▸ Try it: For this exercise, reproduce the entries below exactly, but only from the line containing "Definition existence (C" through the line containing "forall (Co A B M M'", both included.

=== Information ===

(* Let $F:\mathcal C\to\mathcal D$ be a faithful functor and let $\perp$ be an independence relation on $\mathcal D$ satisfying invariance. (1) If $F$ admits $2$-completions with respect to $\perp$ and $\perp$ satisfies existence, then $F^{-1}(\perp)$ satisfies existence. (2) If $F$ admits $1$-completions, $\perp$ satisfies uniqueness, and $F^{-1}(\perp)$ satisfies existence, then $F$ admits $2$-completions with respect to $\perp$.
   Context: A commuting square consists of objects $C,A,B,M$ and morphisms $C\to A$, $C\to B$, $A\to M$, $B\to M$ with equal composites $C\to M$. An independence relation $\perp$ is a class of commuting squares (called independent); write $A\perp^M_C B$. $F^{-1}(\perp)$ consists of the commuting squares of $\mathcal C$ whose image under $F$ is in $\perp$. Invariance: for a square $C\to A,C\to B,A\to M,B\to M$ and any $M\to N$, $A\perp^M_C B$ iff the square with $A\to M\to N$, $B\to M\to N$ is independent. Existence: every span $A\leftarrow C\to B$ can be completed to an independent square. Uniqueness: any two independent squares on the same span $A\leftarrow C\to B$, with tops $M,M'$, can be amalgamated: there are $N$ and $M\to N$, $M'\to N$ such that the two composites $A\to N$ agree and the two composites $B\to N$ agree. For faithful $F$: a $1$-completion of a morphism $f:F(A)\to B$ in $\mathcal D$ is a morphism $g:A\to C$ in $\mathcal C$ together with $h:B\to F(C)$ such that $F(g)=hf$; $F$ admits $1$-completions if every such $f$ has one. A $2$-completion of a commuting $\perp$-independent square $F(C)\xrightarrow{F(c_A)}F(A)$, $F(C)\xrightarrow{F(c_B)}F(B)$, $F(A)\xrightarrow{x}D$, $F(B)\xrightarrow{y}D$ in $\mathcal D$ (with $c_A,c_B$ morphisms of $\mathcal C$) is an object $E$ of $\mathcal C$, a morphism $h:D\to F(E)$ and morphisms $f:A\to E$, $g:B\to E$ in $\mathcal C$ with $F(f)=hx$ and $F(g)=hy$; $F$ admits $2$-completions with respect to $\perp$ if every such independent square has a $2$-completion. *)

Set Implicit Arguments.
Unset Strict Implicit.

(* Composition is written in diagrammatic order: comp f g = g o f. *)
Record Category := {
  Ob :> Type;
  Hom : Ob -> Ob -> Type;
  idm : forall A, Hom A A;
  comp : forall A B C, Hom A B -> Hom B C -> Hom A C;
  comp_id_l : forall A B (f : Hom A B), comp (idm A) f = f;
  comp_id_r : forall A B (f : Hom A B), comp f (idm B) = f;
  comp_assoc : forall A B C D (f : Hom A B) (g : Hom B C) (h : Hom C D),
      comp (comp f g) h = comp f (comp g h)
}.

Arguments Hom {c} _ _.
Arguments idm {c} _.
Arguments comp {c A B C} _ _.

Record Functor (C D : Category) := {
  Fob :> Ob C -> Ob D;
  Fhom : forall A B, Hom A B -> Hom (Fob A) (Fob B);
  F_id : forall A, Fhom (idm A) = idm (Fob A);
  F_comp : forall A B E (f : Hom A B) (g : Hom B E),
      Fhom (comp f g) = comp (Fhom f) (Fhom g)
}.
Arguments Fhom {C D} _ {A B} _.

Definition faithful (C D : Category) (F : Functor C D) : Prop :=
  forall (A B : C) (f g : Hom A B), Fhom F f = Fhom F g -> f = g.

Definition commutes (C : Category) (Co A B M : C)
  (cA : Hom Co A) (cB : Hom Co B) (a : Hom A M) (b : Hom B M) : Prop :=
  comp cA a = comp cB b.

Record IndepRel (C : Category) := {
  indep : forall (Co A B M : C),
      Hom Co A -> Hom Co B -> Hom A M -> Hom B M -> Prop;
  indep_comm : forall Co A B M (cA : Hom Co A) (cB : Hom Co B)
      (a : Hom A M) (b : Hom B M), indep cA cB a b -> commutes cA cB a b
}.
Arguments indep {C} _ {Co A B M} _ _ _ _.

Definition invariance (C : Category) (I : IndepRel C) : Prop :=
  forall (Co A B M N : C) (cA : Hom Co A) (cB : Hom Co B)
    (a : Hom A M) (b : Hom B M) (m : Hom M N),
    commutes cA cB a b ->
    (indep I cA cB a b <-> indep I cA cB (comp a m) (comp b m)).

Definition existence (C : Category) (I : IndepRel C) : Prop :=
  forall (Co A B : C) (cA : Hom Co A) (cB : Hom Co B),
    exists (M : C) (a : Hom A M) (b : Hom B M), indep I cA cB a b.

Definition uniqueness (C : Category) (I : IndepRel C) : Prop :=
  forall (Co A B M M' : C) (cA : Hom Co A) (cB : Hom Co B)
    (a : Hom A M) (b : Hom B M) (a' : Hom A M') (b' : Hom B M'),
    indep I cA cB a b -> indep I cA cB a' b' ->
    exists (N : C) (m : Hom M N) (m' : Hom M' N),
      comp a m = comp a' m' /\ comp b m = comp b' m'.

Definition preimage_indep (C D : Category) (F : Functor C D) (I : IndepRel D)
  (Co A B M : C) (cA : Hom Co A) (cB : Hom Co B) (a : Hom A M) (b : Hom B M)
  : Prop :=
  commutes cA cB a b /\ indep I (Fhom F cA) (Fhom F cB) (Fhom F a) (Fhom F b).

Definition preimage (C D : Category) (F : Functor C D) (I : IndepRel D)
  : IndepRel C.
Proof.
  refine {| indep := @preimage_indep C D F I |}.
  intros Co A B M cA cB a b [H _]; exact H.
Defined.

Definition admits_1_completions (C D : Category) (F : Functor C D) : Prop :=
  forall (A : C) (B : D) (f : Hom (F A) B),
    exists (Co : C) (g : Hom A Co) (h : Hom B (F Co)),
      Fhom F g = comp f h.

Definition admits_2_completions (C D : Category) (F : Functor C D)
  (I : IndepRel D) : Prop :=
  forall (Co A B : C) (cA : Hom Co A) (cB : Hom Co B) (Dd : D)
    (x : Hom (F A) Dd) (y : Hom (F B) Dd),
    indep I (Fhom F cA) (Fhom F cB) x y ->
    exists (E : C) (h : Hom Dd (F E)) (f : Hom A E) (g : Hom B E),
      Fhom F f = comp x h /\ Fhom F g = comp y h.


(* (1): complete an independent square on the image span in D, then 2-complete
   it; faithfulness makes the completed square commute in C, and invariance
   keeps its image independent after post-composing with h.
   (2): amalgamate the given independent square with the image of an
   F^{-1}(perp)-independent square on the same span, and 1-complete the
   amalgamating map out of the image. *)

Lemma faithful_reflects_commutes {C D : Category} {F : Functor C D}
  {Co A B M : C} {cA : Hom Co A} {cB : Hom Co B} {a : Hom A M} {b : Hom B M} :
  faithful F ->
  commutes (Fhom F cA) (Fhom F cB) (Fhom F a) (Fhom F b) ->
  commutes cA cB a b.
Proof.
  intros Hfaith Hcomm; apply Hfaith.
  rewrite !F_comp; exact Hcomm.
Qed.

Lemma preimage_existence {C D : Category} {F : Functor C D} {I : IndepRel D} :
  faithful F -> invariance I -> admits_2_completions F I -> existence I ->
  existence (preimage F I).
Proof.
  intros Hfaith Hinv H2 Hex Co A B cA cB.
  destruct (Hex _ _ _ (Fhom F cA) (Fhom F cB)) as [M [x [y Hxy]]].
  destruct (H2 _ _ _ cA cB _ x y Hxy) as [E [h [f [g [Hf Hg]]]]].
  assert (Hcomm : commutes (Fhom F cA) (Fhom F cB) x y)
    by exact (indep_comm Hxy).
  assert (Hindep : indep I (Fhom F cA) (Fhom F cB) (Fhom F f) (Fhom F g)).
  { rewrite Hf, Hg; apply (Hinv _ _ _ _ _ _ _ _ _ h Hcomm); exact Hxy. }
  exists E, f, g; split.
  - exact (faithful_reflects_commutes Hfaith (indep_comm Hindep)).
  - exact Hindep.
Qed.

Lemma admits_2_completions_of_preimage_existence
  {C D : Category} {F : Functor C D} {I : IndepRel D} :
  admits_1_completions F -> uniqueness I -> existence (preimage F I) ->
  admits_2_completions F I.
Proof.
  intros H1 Huniq Hex Co A B cA cB Dd x y Hxy.
  destruct (Hex _ _ _ cA cB) as [M [a [b [_ Hab]]]].
  destruct (Huniq _ _ _ _ _ _ _ _ _ _ _ Hxy Hab) as [N [m [m' [Ha Hb]]]].
  destruct (H1 _ _ m') as [E [g [h Hg]]].
  exists E, (comp m h), (comp a g), (comp b g); split.
  - rewrite F_comp, Hg, <- !comp_assoc, Ha; reflexivity.
  - rewrite F_comp, Hg, <- !comp_assoc, Hb; reflexivity.
Qed.

Theorem theorem5p7 (C D : Category) (F : Functor C D) (I : IndepRel D) :
  faithful F -> invariance I ->
  (admits_2_completions F I -> existence I -> existence (preimage F I)) /\
  (admits_1_completions F -> uniqueness I -> existence (preimage F I) ->
     admits_2_completions F I).
Proof.
  intros Hfaith Hinv; split.
  - exact (preimage_existence Hfaith Hinv).
  - exact admits_2_completions_of_preimage_existence.
Qed.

===

▸ Your solution:
Definition existence (C : Category) (I : IndepRel C) : Prop :=
  forall (Co A B : C) (cA : Hom Co A) (cB : Hom Co B),
    exists (M : C) (a : Hom A M) (b : Hom B M), indep I cA cB a b.

Definition uniqueness (C : Category) (I : IndepRel C) : Prop :=
  forall (Co A B M M' : C) (cA : Hom Co A) (cB : Hom Co B)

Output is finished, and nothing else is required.